- **About this exercise**
Among the entries that follow, tally the lines with the string "refine". Give no more than the number.

- **Data excerpts**
========================
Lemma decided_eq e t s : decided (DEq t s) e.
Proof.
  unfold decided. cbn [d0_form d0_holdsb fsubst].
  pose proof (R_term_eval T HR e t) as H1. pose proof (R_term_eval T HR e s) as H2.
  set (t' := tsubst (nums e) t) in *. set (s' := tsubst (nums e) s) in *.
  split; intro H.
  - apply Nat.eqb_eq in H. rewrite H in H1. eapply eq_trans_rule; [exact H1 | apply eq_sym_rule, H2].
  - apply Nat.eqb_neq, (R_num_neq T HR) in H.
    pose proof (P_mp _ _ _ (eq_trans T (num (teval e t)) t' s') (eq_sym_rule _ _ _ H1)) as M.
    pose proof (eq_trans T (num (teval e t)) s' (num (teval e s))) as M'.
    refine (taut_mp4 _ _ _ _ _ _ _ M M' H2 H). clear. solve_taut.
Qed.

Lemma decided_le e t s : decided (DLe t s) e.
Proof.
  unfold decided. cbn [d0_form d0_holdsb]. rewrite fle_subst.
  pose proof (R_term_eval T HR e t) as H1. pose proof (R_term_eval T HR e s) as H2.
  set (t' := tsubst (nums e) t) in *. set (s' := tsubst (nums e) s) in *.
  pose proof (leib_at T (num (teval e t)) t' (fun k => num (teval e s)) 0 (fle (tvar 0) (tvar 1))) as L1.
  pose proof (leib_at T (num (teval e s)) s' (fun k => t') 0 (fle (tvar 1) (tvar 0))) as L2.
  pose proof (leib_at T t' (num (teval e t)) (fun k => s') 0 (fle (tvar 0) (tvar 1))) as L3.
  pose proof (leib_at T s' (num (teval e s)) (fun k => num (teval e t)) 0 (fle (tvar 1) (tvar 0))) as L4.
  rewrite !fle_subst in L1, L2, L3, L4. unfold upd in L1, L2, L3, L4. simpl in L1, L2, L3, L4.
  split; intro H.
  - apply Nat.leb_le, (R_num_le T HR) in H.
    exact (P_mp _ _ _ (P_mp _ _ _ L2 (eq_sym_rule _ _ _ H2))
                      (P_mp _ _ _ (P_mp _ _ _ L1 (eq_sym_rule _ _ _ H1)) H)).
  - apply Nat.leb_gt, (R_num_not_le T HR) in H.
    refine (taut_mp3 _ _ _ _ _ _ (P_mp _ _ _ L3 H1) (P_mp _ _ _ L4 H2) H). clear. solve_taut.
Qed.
========================
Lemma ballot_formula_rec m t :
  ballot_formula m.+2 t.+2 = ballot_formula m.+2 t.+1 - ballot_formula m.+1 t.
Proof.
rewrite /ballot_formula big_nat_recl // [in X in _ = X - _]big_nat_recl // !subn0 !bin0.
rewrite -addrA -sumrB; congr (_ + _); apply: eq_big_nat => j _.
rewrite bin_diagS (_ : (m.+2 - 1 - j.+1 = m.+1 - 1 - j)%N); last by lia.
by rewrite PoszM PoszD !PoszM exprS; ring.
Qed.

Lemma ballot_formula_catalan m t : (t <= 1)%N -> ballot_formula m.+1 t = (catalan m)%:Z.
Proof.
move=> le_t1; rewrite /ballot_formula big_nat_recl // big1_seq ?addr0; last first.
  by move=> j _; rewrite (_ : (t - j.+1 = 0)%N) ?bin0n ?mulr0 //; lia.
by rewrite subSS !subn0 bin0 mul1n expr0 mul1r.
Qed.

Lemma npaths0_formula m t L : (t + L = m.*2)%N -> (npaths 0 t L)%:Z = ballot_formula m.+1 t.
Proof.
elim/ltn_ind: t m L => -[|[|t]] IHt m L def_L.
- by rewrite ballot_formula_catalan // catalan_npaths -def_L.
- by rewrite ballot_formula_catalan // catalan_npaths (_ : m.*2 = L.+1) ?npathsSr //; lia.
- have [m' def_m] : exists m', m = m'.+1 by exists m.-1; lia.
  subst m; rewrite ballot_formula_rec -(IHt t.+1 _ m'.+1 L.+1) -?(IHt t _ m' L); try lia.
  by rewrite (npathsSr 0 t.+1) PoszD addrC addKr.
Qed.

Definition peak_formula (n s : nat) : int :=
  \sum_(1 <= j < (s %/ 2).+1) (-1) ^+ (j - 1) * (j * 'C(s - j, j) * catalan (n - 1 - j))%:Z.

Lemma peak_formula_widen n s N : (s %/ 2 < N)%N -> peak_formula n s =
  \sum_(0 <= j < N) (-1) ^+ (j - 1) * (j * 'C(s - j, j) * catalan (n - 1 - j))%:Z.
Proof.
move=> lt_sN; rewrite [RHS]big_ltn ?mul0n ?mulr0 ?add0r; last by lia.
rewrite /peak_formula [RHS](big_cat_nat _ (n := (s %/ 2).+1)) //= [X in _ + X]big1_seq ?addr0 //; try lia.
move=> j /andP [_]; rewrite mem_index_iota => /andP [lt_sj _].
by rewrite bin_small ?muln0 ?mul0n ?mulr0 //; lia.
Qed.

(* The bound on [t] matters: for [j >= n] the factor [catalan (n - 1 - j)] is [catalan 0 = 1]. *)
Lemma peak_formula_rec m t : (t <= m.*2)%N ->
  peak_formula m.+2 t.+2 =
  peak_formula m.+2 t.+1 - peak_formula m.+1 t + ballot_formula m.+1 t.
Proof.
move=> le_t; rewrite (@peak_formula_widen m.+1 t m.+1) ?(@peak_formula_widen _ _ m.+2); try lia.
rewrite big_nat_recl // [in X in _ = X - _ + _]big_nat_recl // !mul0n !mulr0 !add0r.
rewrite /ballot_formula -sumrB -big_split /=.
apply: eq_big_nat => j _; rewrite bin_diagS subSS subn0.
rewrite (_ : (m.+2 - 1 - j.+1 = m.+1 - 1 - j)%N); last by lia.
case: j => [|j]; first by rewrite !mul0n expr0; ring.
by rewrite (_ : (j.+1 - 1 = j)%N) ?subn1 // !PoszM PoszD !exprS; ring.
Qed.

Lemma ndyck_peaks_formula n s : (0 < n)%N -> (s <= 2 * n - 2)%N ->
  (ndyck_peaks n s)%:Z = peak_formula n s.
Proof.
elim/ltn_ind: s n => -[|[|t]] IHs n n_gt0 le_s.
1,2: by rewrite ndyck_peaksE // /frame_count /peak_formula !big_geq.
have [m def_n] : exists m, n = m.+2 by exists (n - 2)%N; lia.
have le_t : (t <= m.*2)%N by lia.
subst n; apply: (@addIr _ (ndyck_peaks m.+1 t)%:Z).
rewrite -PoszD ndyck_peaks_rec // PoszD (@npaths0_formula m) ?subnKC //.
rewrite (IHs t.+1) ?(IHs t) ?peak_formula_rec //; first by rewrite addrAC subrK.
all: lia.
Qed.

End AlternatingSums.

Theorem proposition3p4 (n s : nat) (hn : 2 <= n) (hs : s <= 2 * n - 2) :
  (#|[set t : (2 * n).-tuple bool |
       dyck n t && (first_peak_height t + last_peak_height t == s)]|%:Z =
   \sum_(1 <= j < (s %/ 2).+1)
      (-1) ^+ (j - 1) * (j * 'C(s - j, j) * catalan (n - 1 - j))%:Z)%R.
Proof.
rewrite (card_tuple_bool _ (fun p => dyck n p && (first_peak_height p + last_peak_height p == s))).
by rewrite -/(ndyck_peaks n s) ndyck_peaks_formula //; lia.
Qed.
========================
- **Response box**
2